CMU CMU Artificial Intelligence Seminar Series sponsored by Fortive Fortive


Back to Seminar Schedule

Tuesday, Feb 09, 2021

Time: 12:00 - 01:00 PM ET
Recording of this Online Seminar on Youtube

Michael Auli -- Self-supervised Learning of Speech Representations with wav2vec

Relevant Paper(s):

Abstract: Self-supervised learning has been a key driver of progress in natural language processing and increasingly in computer vision. In this talk I will give an overview of the wav2vec line of work which explores algorithms to learn good representations of speech audio solely from unlabeled data. The resulting models can be fine-tuned for a specific task using labeled data and enable speech recognition models with just 10 minutes of labeled speech audio by leveraging a large amount of unlabeled speech. Our latest work, wav2vec 2.0 learns a vocabulary of speech units obtained by quantizing the latent representation of the speech signal and by solving a contrastive task defined over the quantization. We also explored multilingual pre-training and recently released a model trained on 53 different languages.

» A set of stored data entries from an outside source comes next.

Lemma cyc_lens_single : ncycles s = 1 -> cyc_lens s = [:: #|X|].
Proof.
rewrite -size_cyc_lens -sumn_cyc_lens.
by case: (cyc_lens s) => [|t []] //= _; rewrite addn0.
Qed.

Lemma cyc_lens_pair : ncycles s = 2 ->
  exists a b, cyc_lens s = [:: a; b] /\ a + b = #|X|.
Proof.
rewrite -size_cyc_lens -sumn_cyc_lens.
by case: (cyc_lens s) => [|a [|b []]] //= _; rewrite addn0; exists a, b.
Qed.

End PermutationCycles.

Section CycleBoxes.
Variables (T : finType) (l : nat) (h : 'I_l -> {perm T}).
Local Notation g := (prod_perm h).

Lemma prod_permX n x : (g ^+ n) x = [ffun k => (h k ^+ n) (x k)].
Proof.
elim: n x => [|n IHn] x; first by apply/ffunP => k; rewrite !ffunE !perm1.
by apply/ffunP => k; rewrite expgSr permM IHn permE !ffunE expgSr permM.
Qed.

Definition cycle_boxes : {set {ffun 'I_l -> {set T}}} :=
  setXn (fun k => porbits (h k)).

Definition cycle_box_of (x : {ffun 'I_l -> T}) : {ffun 'I_l -> {set T}} :=
  [ffun k => porbit (h k) (x k)].

Definition box_orbits (F : {ffun 'I_l -> {set T}}) : nat :=
  #|[set porbit g x | x in setXn F]|.

Lemma cycle_box_of_in x : cycle_box_of x \in cycle_boxes.
Proof. by apply/setXnP => k; rewrite ffunE; apply: imset_f. Qed.

Lemma cycle_box_ofE F x : F \in cycle_boxes -> x \in setXn F -> cycle_box_of x = F.
Proof.
move=> /setXnP hF /setXnP xF; apply/ffunP => k; rewrite ffunE.
by rewrite -(porbits_porbit (hF k) (xF k)).
Qed.

Lemma cycle_box_of_porbit x y : y \in porbit g x -> cycle_box_of y = cycle_box_of x.
Proof.
by case/porbitP=> n ->; apply/ffunP => k; rewrite prod_permX !ffunE porbit_perm.
Qed.

Lemma sum_box_orbits_le (S : {set {ffun 'I_l -> {set T}}}) :
  S \subset cycle_boxes -> \sum_(F in S) box_orbits F <= ncycles g.
Proof.
move=> /subsetP sS.
(* the box containing the orbit O (junk when O is empty) *)
pose box (O : {set {ffun 'I_l -> T}}) := oapp cycle_box_of [ffun=> set0] [pick x in O].
have boxE x : box (porbit g x) = cycle_box_of x.
  rewrite /box; case: pickP => [y /cycle_box_of_porbit //|].
  by move/(_ x); rewrite porbit_id.
apply: (@leq_trans (\sum_(F in S) #|[set O in porbits g | box O == F]|)).
  apply: leq_sum => F SF; apply/subset_leq_card/subsetP => _ /imsetP[x xF ->].
  by rewrite inE imset_f //= boxE (cycle_box_ofE (sS F SF) xF).
rewrite /ncycles -sum1_card.
apply: (@leq_trans (\sum_(O in porbits g | box O \in S) 1)); last first.
  by rewrite [X in _ <= X](bigID (fun O => box O \in S)) leq_addr.
rewrite (partition_big box (mem S)) => [|O /andP[] //].
apply: leq_sum => F SF.
rewrite -sum1_card; apply/eq_leq/eq_bigl => O; rewrite !inE -andbA.
by case: (eqVneq (box O) F) => [->|]; rewrite ?SF ?andbF.
Qed.

Lemma cycle_boxes_gt0 F k : F \in cycle_boxes -> 0 < #|F k|.
Proof.
by move=> /setXnP/(_ k)/imsetP[x _ ->]; rewrite lt0n card_porbit_neq0.
Qed.

Lemma box_orbits_gt0 F : F \in cycle_boxes -> 0 < box_orbits F.
Proof.
move=> hF; have : 0 < #|setXn F|.
  by rewrite cardsXn prodn_cond_gt0 // => k _; apply: cycle_boxes_gt0 hF.
by rewrite !card_gt0 => /set0Pn[x xF]; apply/set0Pn; exists (porbit g x); apply: imset_f.
Qed.

Lemma gcdn_le_box_orbits F i j :
  F \in cycle_boxes -> i != j -> gcdn #|F i| #|F j| <= box_orbits F.
Proof.
move=> hF nij; have F_gt0 k := cycle_boxes_gt0 k hF.
pose P := \prod_(k | (k != i) && (k != j)) #|F k|.
pose L := lcmn #|F i| #|F j| * P.
have L_gt0 : 0 < L by rewrite muln_gt0 lcmn_gt0 !F_gt0 prodn_cond_gt0.
have dvdL k : #|F k| %| L.
  have [-> | ki] := eqVneq k i; first exact/dvdn_mulr/dvdn_lcml.
  have [-> | kj] := eqVneq k j; first exact/dvdn_mulr/dvdn_lcmr.
  by apply: dvdn_mull; rewrite /P (bigD1 k) ?ki ?kj //= dvdn_mulr.
have fixF : {in setXn F, forall x, (g ^+ L) x = x}.
  move=> x /setXnP xF; apply/ffunP => k; rewrite prod_permX ffunE expg_porbit //.
  by rewrite -(porbits_porbit (setXnP hF k) (xF k)).
have := card_le_orbits_mul L_gt0 fixF; rewrite cardsXn.
rewrite (bigD1 i) //= (bigD1 j) 1?eq_sym //= mulnA -(muln_lcm_gcd #|F i|) -/P.
by rewrite mulnAC [X in _ <= X]mulnC leq_pmul2l.
Qed.

Lemma prod_ncycles_le : \prod_k ncycles (h k) <= ncycles g.
Proof.
have -> : \prod_k ncycles (h k) = #|cycle_boxes| by rewrite cardsXn.
rewrite -sum1_card; apply: leq_trans (sum_box_orbits_le (subxx _)).
by apply: leq_sum => F; apply: box_orbits_gt0.
Qed.

Lemma sum_gcdn_cyc_lens_le i j a : i != j -> a \in cyc_lens (h i) ->
  \sum_(t <- cyc_lens (h j)) gcdn a t <= ncycles g.
Proof.
move=> nij /cyc_lensP[_ /imsetP[y _ ->] ->]; rewrite big_cyc_lens.
pose F0 := cycle_box_of [ffun=> y].
pose box B := [ffun k => if k == j then B else F0 k].
have box_in B : B \in porbits (h j) -> box B \in cycle_boxes.
  move=> hB; apply/setXnP => k; rewrite ffunE.
  by case: eqP => [-> // | _]; apply: setXnP (cycle_box_of_in _) k.
have box_inj : {in porbits (h j) &, injective box}.
  by move=> B B' _ _ /ffunP/(_ j); rewrite !ffunE eqxx.
apply: leq_trans (sum_box_orbits_le (S := box @: porbits (h j)) _); last first.
  by apply/subsetP => _ /imsetP[B hB ->]; apply: box_in.
rewrite [X in _ <= X]big_imset //=; apply: leq_sum => B hB.
by have := gcdn_le_box_orbits (box_in B hB) nij; rewrite !ffunE eqxx (negbTE nij).
Qed.

Lemma card_le_ncycles_of_full_cycles i j : i != j ->
  ncycles (h i) = 1 -> ncycles (h j) = 1 -> #|T| <= ncycles g.
Proof.
move=> nij /cyc_lens_single ci /cyc_lens_single cj.
have := sum_gcdn_cyc_lens_le nij (_ : #|T| \in cyc_lens (h i)).
by rewrite ci cj mem_seq1 eqxx big_seq1 gcdnn; apply.
Qed.

Lemma box_orbits_tight F : ncycles g <= \prod_k ncycles (h k) ->
  F \in cycle_boxes -> box_orbits F = 1.
Proof.
move=> tight hF; apply/eqP; rewrite eqn_leq box_orbits_gt0 // andbT.
have : \sum_(F' in cycle_boxes) box_orbits F' <= #|cycle_boxes|.
  by apply: leq_trans (sum_box_orbits_le (subxx _)) _; rewrite cardsXn.
rewrite (big_setD1 F hF) (cardsD1 F) hF /=.
have : #|cycle_boxes :\ F| <= \sum_(F' in cycle_boxes :\ F) box_orbits F'.
  by rewrite -sum1_card; apply: leq_sum => F' /setD1P[_ /box_orbits_gt0].
by move=> rest /(leq_trans (leq_add (leqnn _) rest)); rewrite leq_add2r.
Qed.

Lemma coprime_cyc_lens_of_tight i j t u : ncycles g <= \prod_k ncycles (h k) ->
  i != j -> t \in cyc_lens (h i) -> u \in cyc_lens (h j) -> coprime t u.
Proof.
move=> tight nij /cyc_lensP[_ /imsetP[a _ ->] ->] /cyc_lensP[_ /imsetP[b _ ->] ->].
have := gcdn_le_box_orbits (cycle_box_of_in [ffun k => if k == i then a else b]) nij.
rewrite box_orbits_tight ?cycle_box_of_in // !ffunE eqxx eq_sym (negbTE nij).
by rewrite /coprime eqn_leq => ->; rewrite gcdn_gt0 lt0n card_porbit_neq0.
Qed.

End CycleBoxes.
Lemma comp0m a b c (f : Hom C a b) : comp (0 : Hom C b c) f = 0.
Proof. by apply: (addrI (comp (0 : Hom C b c) f)); rewrite -compDl !addr0. Qed.
Lemma compm0 a b c (g : Hom C b c) : comp g (0 : Hom C a b) = 0.
Proof. by apply: (addrI (comp g (0 : Hom C a b))); rewrite -compDr !addr0. Qed.
Lemma compNm a b c (g : Hom C b c) (f : Hom C a b) : comp (- g) f = - comp g f.
Proof. by apply: (addrI (comp g f)); rewrite -compDl !subrr comp0m. Qed.
Lemma compmN a b c (g : Hom C b c) (f : Hom C a b) : comp g (- f) = - comp g f.
Proof. by apply: (addrI (comp g f)); rewrite -compDr !subrr compm0. Qed.
Lemma compBl a b c (g g' : Hom C b c) (f : Hom C a b) :
  comp (g - g') f = comp g f - comp g' f.
Proof. by rewrite compDl compNm. Qed.
Lemma compBr a b c (g : Hom C b c) (f f' : Hom C a b) :
  comp g (f - f') = comp g f - comp g f'.
Proof. by rewrite compDr compmN. Qed.

Definition epi a b (e : Hom C a b) :=
  forall t (x y : Hom C b t), comp x e = comp y e -> x = y.
Definition mono a b (m : Hom C a b) :=
  forall t (x y : Hom C t a), comp m x = comp m y -> x = y.

Lemma epi_cancel0 a b (e : Hom C a b) t (x : Hom C b t) : epi e -> comp x e = 0 -> x = 0.
Proof. by move=> He E; apply: He; rewrite E comp0m. Qed.
Lemma mono_cancel0 a b (m : Hom C a b) t (x : Hom C t a) : mono m -> comp m x = 0 -> x = 0.
Proof. by move=> Hm E; apply: Hm; rewrite E compm0. Qed.
Lemma cancel0_epi a b (e : Hom C a b) :
  (forall t (x : Hom C b t), comp x e = 0 -> x = 0) -> epi e.
Proof.
move=> H t x y E; apply/eqP; rewrite -subr_eq0; apply/eqP/H.
by rewrite compBl E subrr.
Qed.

Bio: Michael Auli is a scientist at Facebook AI Research in Menlo Park, California. During his PhD, he worked on natural language processing and parsing at the University of Edinburgh where he was advised by Adam Lopez and Philipp Koehn. While at Microsoft Research, he did some of the early work on neural machine translation and neural dialogue models. After this, he led the team which developed convolutional sequence to sequence models that were the first models to outperform recurrent neural networks for neural machine translation. Currently, Michael works on semi-supervised and self-supervised learning applied to natural language processing and speech recognition. He led the teams which ranked first in several tasks of the WMT news translation task in 2018 and 2019.